There are certain things I can do while half asleep. Playing the flute, loading the dishwasher, now, newly, playing Ode to Joy on the guitar. Editing is also on that list. I’m a good editor and have done editing work for students while extremely sleepy or sick and it’s been good. Whatever kinds of “control” that are involved in editing are soft enough, or preset enough, that it doesn’t actually require that much control in the moment, in the way one might need a lot of control when assembling machines together.
I think when editing is easy, editing is reading but in a setup where making edits is easy (aka on a computer, with a keyboard, etc.) aka you are just reading, but then with active imagination around “what you are seeing on the screen” and “what you wish you were reading” or “what you are saying in your head from what you are reading” and then putting in the missing pieces, like adding brushstrokes to a painting (or painting Warhammer figurines what they are supposed to look like, the colors.) When it is going well it really does feel a lot like “needs more green, here, there we go.” Aka, you are just reading, but with your paintbrush ready.
If I am feeling too sick to read anything, it makes sense that I am feeling too sick to “edit” anything. If you are too tired to be reading something of the complexity level of the writing you are editing, then you are too tired to be editing it.
This kind of editing also makes sense even if I have to reorganize a bunch, in that I still have to “read it” and then feel where it has to go, perhaps like making a collage rather than painting.
I’d also learned over the years that “having feelings” can be labor intensive. Usually for editing to be productive, I need a 1.5 hr chunk of time, so that I can have the feelings and then have the next feelings, and then the next feelings, enough to do a chunk through to the point of legibility for future me.

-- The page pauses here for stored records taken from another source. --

(* Let $g:\mathbb{R}^m\to\mathbb{R}$ be a continuous convex function and $X\subset\mathbb{R}^m$ a closed convex set, and suppose $\mathbf{X}^*=\{x\in X: g(x)\le0\}$ is non-empty. Assume there is $K\ge0$ with $\|\nabla g^+(x)\|\le K$ for all $x$. Let $\{\alpha(t)\},\{\beta(t)\}$ satisfy (a) $\alpha(t)\in[0,1]$, $\sum_{t=0}^\infty\alpha(t)=\infty$, $\sum_{t=0}^\infty\alpha^2(t)<\infty$; (b) $\beta(t)\ge0$, $\sum_{t=0}^\infty\beta(t)=\infty$, $\sum_{t=0}^\infty\beta^2(t)<\infty$. Define the iteration $$\xi(t)=x(t)-\beta(t)\nabla g^+(x(t)),\quad \varphi(t)=\alpha(t)\big(\xi(t)-P_X(\xi(t))\big),\quad x(t+1)=\xi(t)-\varphi(t).$$ Then $x(t)$ converges to a vector $x^*\in\mathbf{X}^*$.
   Context: $g^+(x)=\max[g(x),0]$; $\nabla g^+(x)$ denotes a subgradient of $g^+$ at $x$; $P_X$ is the Euclidean projection onto $X$. *)

From HB Require Import structures.
From mathcomp Require Import all_boot all_order all_algebra.
From mathcomp Require Import all_classical all_reals all_analysis.
Set Implicit Arguments. Unset Strict Implicit. Unset Printing Implicit Defensive.
Import Order.TTheory GRing.Theory Num.Theory.
Import numFieldNormedType.Exports.
Local Open Scope ring_scope.
Local Open Scope classical_set_scope.
(* For $L_2>0$ define $\bar h:\mathbb{R}^{3\times3}\to\mathbb{R}$ by $\bar h(R)=g(\|R^TR-I\|_F)$ with $g(x)=L_2\sqrt{3L_2^2x^2+1}-L_2$. Then: (i) there is a polynomial $q$ such that for every $L_2>0$, $\bar h$ is $q(L_2)$-curvature bounded; (ii) $\bar h$ is twice differentiable; (iii) its second derivatives are locally Lipschitz; and (v) $g$ is monotone in $|x|$, $\min_x g(x)=0$, and $g(x)=L_2$ when $|x|=1/L_2$.
   Context: $\|\cdot\|_F$ is the Frobenius norm; $R$ is identified with a vector in $\mathbb{R}^9$. A function $\phi$ is $L$-curvature bounded if $\phi(x)+\frac L2\|x\|^2$ is convex and $\nabla\phi$ is $L$-Lipschitz. *)

(* R : realType, matrices 'M[R]_3 with the
   library's normed-module structure (all norms are equivalent in finite
   dimension, so differentiability notions do not depend on it); the
   Frobenius norm is defined explicitly below and used for all
   quantitative statements. *)
From HB Require Import structures.
From mathcomp Require Import all_boot all_order all_algebra.
From mathcomp Require Import all_classical all_reals all_analysis.
Set Implicit Arguments. Unset Strict Implicit. Unset Printing Implicit Defensive.
Import Order.TTheory GRing.Theory Num.Theory.
Import numFieldNormedType.Exports.
Local Open Scope ring_scope.

Section Defs.
Variable R : realType.

Definition frob (A : 'M[R]_3) : R :=
  Num.sqrt (\sum_(i < 3) \sum_(j < 3) A i j ^+ 2).

Definition gfun (L2 x : R) : R :=
  L2 * Num.sqrt (3 * L2 ^+ 2 * x ^+ 2 + 1) - L2.

Definition hbar (L2 : R) (X : 'M[R]_3) : R :=
  gfun L2 (frob (X^T *m X - 1%:M)).

Definition convex_mx (f : 'M[R]_3 -> R) : Prop :=
  forall (x y : 'M[R]_3) (t : R), 0 <= t -> t <= 1 ->
    f (t *: x + (1 - t) *: y) <= t * f x + (1 - t) * f y.

Definition grad (f : 'M[R]_3 -> R) (x : 'M[R]_3) : 'M[R]_3 :=
  \matrix_(i, j) ('D_(delta_mx i j) f x).

Definition hess (f : 'M[R]_3 -> R) (x : 'M[R]_3) (i j k l : 'I_3) : R :=
  'D_(delta_mx k l) (fun y => grad f y i j) x.

Definition curvature_bounded (L : R) (f : 'M[R]_3 -> R) : Prop :=
  convex_mx (fun x => f x + L / 2 * frob x ^+ 2) /\
  (forall x, differentiable f x) /\
  (forall x y, frob (grad f x - grad f y) <= L * frob (x - y)).

Definition twice_differentiable (f : 'M[R]_3 -> R) : Prop :=
  (forall x, differentiable f x) /\ (forall x, differentiable (grad f) x).

Definition hess_locally_lipschitz (f : 'M[R]_3 -> R) : Prop :=
  forall x : 'M[R]_3, exists r : R, exists K : R, 0 < r /\
    forall y z : 'M[R]_3, frob (y - x) < r -> frob (z - x) < r ->
      forall i j k l : 'I_3,
        `|hess f y i j k l - hess f z i j k l| <= K * frob (y - z).

End Defs.

(* Write E = X^T X - 1 and u = sqrt (3 L2^2 |E|^2 + 1) >= 1, so that hbar = L2 (u - 1) is
   smooth with gradient 6 L2^3 (X E) / u.  Since |X|^2 <= 3 + 3 |E| and L2 |E| <= u, the
   derivative of the gradient in direction V is bounded by (72 L2^3 + 78 L2^2) |V| uniformly
   in X.  By the mean value theorem the gradient is then globally Lipschitz with that
   constant, which makes the derivative of hbar + L/2 |.|^2 monotone along lines, i.e. this
   function convex.  The entries of the Hessian are built from polynomials and from
   reciprocals and square roots of quantities >= 1, hence are Lipschitz on bounded sets. *)

From HB Require Import structures.
From mathcomp Require Import all_boot all_order all_algebra.
From mathcomp Require Import all_classical all_reals all_analysis.
From mathcomp Require Import ring lra.
Set Implicit Arguments. Unset Strict Implicit. Unset Printing Implicit Defensive.
Import Order.TTheory GRing.Theory Num.Theory.
Import numFieldNormedType.Exports.
Local Open Scope ring_scope.

Section Derivative.
Context {R : realType} {V : normedModType R}.
Implicit Types (f g : V -> R) (df dg : V -> V -> R).

Definition has_derivative f df :=
  forall x, differentiable f x /\ forall v, 'D_v f x = df x v.

Lemma has_derivative_congr f g df dg : f =1 g -> (forall x v, df x v = dg x v) ->
  has_derivative f df -> has_derivative g dg.
Proof.
move=> /funext <- E Hf x; have [? D] := Hf x.
by split=> // v; rewrite D E.
Qed.

Lemma has_derivative_cst (a : R) : has_derivative (fun=> a) (fun _ _ => 0).
Proof. by move=> x; split=> [|v]; [exact: differentiable_cst|exact: derive_cst]. Qed.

And then, I also see why a lot of people do a chunk of writing, then put it in a drawer for 1-3 months, before touching it again, while they work on something else. This way they can come back to it with renewed curiosity and interest in “reading” what they’d written before. Rereading your own writing can be a lot of fun, but often not right after you just wrote it...your feelings and senses are kind of burned in funny ways from the act of the writing, and those senses usually need something nutritious to revive and rehydrate them, so they can go again.
This differentiator around “editing” == “reading” and writing being something else, ought make one feel a lot more secure around, “I can’t do this kind of editing right now because I can’t do this kind of reading right now” in a way that really makes sense to me. I can do some kinds of reading and some kinds of writing, but if I cannot do something like read the complexity of my own work as written when I was feeling well and writing it then editing it would also not be on the table for me.
Weirdly, I’d been able to do some of my writing/editing for my contract writing job a wee bit while sick. In some ways it’s easier!
Now that I’d written it all out, my feelings feel a lot less like “I don’t know how to edit this” (this being, my book draft) and a lot more like “frustration at not getting to edit” in a way that’s similar to a little kid “not being allowed to go to the ice rink yet.” It’s really fun but I can’t do it yet.